◆ Action item
In the entries below, the line with "fun x => Z.of_nat x = p \/" marks the start. Return it and every following line exactly, ending with the last.

◆ Material supplied
####################

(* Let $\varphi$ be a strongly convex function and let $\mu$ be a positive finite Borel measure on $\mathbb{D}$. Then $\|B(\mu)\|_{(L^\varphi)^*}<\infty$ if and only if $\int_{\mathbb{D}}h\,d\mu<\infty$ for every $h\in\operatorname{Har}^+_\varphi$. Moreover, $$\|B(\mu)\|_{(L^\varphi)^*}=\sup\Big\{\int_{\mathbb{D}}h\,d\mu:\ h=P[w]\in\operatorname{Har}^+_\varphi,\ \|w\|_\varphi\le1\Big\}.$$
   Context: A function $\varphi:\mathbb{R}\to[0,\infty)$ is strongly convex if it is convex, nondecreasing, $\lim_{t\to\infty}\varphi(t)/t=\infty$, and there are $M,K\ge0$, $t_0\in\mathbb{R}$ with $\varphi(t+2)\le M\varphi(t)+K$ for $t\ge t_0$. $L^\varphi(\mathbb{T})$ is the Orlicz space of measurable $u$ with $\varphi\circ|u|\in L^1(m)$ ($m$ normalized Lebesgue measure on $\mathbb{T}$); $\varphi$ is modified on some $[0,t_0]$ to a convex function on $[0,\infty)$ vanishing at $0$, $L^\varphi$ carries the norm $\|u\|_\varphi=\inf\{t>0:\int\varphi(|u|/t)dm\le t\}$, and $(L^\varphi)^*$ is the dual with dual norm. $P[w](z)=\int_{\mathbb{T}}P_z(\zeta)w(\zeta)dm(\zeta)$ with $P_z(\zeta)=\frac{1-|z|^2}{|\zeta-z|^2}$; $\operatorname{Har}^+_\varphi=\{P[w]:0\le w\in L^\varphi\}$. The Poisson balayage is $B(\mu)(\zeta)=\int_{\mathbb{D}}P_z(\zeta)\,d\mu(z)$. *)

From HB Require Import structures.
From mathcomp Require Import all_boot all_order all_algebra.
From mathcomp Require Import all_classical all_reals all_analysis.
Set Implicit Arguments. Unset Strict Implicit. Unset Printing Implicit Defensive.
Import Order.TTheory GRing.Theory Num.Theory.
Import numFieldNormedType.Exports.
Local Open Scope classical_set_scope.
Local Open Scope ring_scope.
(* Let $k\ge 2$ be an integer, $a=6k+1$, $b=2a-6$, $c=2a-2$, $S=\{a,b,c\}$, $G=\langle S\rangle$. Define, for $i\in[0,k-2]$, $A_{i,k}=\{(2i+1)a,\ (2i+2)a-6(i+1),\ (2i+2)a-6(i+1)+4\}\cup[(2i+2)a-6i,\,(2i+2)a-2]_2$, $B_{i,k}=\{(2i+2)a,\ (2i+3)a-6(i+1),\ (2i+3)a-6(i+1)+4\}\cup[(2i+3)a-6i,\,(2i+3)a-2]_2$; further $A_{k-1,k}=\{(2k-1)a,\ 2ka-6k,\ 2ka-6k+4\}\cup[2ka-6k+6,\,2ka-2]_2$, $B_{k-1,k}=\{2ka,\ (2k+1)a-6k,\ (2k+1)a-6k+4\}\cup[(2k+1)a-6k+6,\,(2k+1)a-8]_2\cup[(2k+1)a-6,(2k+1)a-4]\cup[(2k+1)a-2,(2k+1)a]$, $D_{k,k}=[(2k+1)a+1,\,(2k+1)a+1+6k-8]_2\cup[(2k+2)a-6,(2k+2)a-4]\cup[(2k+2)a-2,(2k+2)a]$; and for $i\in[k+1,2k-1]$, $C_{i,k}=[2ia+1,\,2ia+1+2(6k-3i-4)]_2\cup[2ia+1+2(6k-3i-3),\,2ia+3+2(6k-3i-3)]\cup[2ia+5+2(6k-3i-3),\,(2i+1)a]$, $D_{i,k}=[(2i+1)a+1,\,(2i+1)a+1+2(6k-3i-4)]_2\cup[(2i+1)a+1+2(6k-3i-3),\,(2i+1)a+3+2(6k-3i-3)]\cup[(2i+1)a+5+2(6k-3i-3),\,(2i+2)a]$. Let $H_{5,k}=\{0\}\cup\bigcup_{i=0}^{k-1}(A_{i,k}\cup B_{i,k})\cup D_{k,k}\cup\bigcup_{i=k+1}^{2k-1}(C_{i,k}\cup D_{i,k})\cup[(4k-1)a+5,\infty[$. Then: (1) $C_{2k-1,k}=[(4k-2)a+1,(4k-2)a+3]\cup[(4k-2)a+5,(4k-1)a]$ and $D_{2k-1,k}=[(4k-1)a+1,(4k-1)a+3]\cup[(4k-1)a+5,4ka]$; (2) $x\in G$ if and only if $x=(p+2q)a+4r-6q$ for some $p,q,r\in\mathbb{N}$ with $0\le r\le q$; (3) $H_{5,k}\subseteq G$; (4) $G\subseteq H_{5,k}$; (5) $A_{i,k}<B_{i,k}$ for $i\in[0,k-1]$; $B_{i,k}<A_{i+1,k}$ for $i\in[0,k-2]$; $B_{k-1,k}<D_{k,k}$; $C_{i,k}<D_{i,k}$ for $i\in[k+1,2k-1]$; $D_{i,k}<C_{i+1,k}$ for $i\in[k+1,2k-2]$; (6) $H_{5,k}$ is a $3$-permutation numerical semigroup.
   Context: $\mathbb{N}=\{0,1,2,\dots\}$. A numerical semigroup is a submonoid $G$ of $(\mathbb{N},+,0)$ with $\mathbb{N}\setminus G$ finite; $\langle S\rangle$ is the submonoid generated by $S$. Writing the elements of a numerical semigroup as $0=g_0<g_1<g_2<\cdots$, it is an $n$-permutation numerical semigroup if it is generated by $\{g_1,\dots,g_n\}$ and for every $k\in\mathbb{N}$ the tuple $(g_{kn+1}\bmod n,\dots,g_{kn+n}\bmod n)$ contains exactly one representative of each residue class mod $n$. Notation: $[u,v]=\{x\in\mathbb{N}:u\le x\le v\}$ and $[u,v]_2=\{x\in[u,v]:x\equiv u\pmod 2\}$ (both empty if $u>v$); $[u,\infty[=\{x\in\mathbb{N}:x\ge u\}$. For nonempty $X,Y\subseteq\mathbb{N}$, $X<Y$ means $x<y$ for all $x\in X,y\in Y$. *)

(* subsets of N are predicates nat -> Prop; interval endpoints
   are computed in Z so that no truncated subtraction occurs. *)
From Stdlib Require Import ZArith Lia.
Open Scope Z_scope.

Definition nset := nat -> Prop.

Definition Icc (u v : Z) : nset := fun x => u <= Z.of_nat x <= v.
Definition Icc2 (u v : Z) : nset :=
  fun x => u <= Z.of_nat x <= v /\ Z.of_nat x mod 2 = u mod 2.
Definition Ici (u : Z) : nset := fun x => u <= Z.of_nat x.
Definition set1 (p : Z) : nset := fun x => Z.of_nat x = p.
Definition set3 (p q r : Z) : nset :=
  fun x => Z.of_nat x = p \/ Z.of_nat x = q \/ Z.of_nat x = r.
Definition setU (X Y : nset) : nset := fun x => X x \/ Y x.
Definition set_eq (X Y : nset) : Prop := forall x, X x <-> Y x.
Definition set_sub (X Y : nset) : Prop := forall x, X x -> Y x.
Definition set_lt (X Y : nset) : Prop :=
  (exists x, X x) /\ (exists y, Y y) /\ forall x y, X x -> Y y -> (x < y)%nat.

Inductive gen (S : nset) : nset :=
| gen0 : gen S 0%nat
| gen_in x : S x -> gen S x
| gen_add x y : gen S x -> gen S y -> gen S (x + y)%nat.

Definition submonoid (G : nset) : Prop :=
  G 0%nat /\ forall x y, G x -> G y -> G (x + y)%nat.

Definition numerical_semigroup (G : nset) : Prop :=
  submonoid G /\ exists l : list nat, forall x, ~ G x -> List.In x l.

####################

◆ Answer to this exercise
  fun x => Z.of_nat x = p \/ Z.of_nat x = q \/ Z.of_nat x = r.
Definition setU (X Y : nset) : nset := fun x => X x \/ Y x.
Definition set_eq (X Y : nset) : Prop := forall x, X x <-> Y x.
Definition set_sub (X Y : nset) : Prop := forall x, X x -> Y x.
Definition set_lt (X Y : nset) : Prop :=
  (exists x, X x) /\ (exists y, Y y) /\ forall x y, X x -> Y y -> (x < y)%nat.

Inductive gen (S : nset) : nset :=
| gen0 : gen S 0%nat
| gen_in x : S x -> gen S x
| gen_add x y : gen S x -> gen S y -> gen S (x + y)%nat.

Definition submonoid (G : nset) : Prop :=
  G 0%nat /\ forall x y, G x -> G y -> G (x + y)%nat.

Definition numerical_semigroup (G : nset) : Prop :=
  submonoid G /\ exists l : list nat, forall x, ~ G x -> List.In x l.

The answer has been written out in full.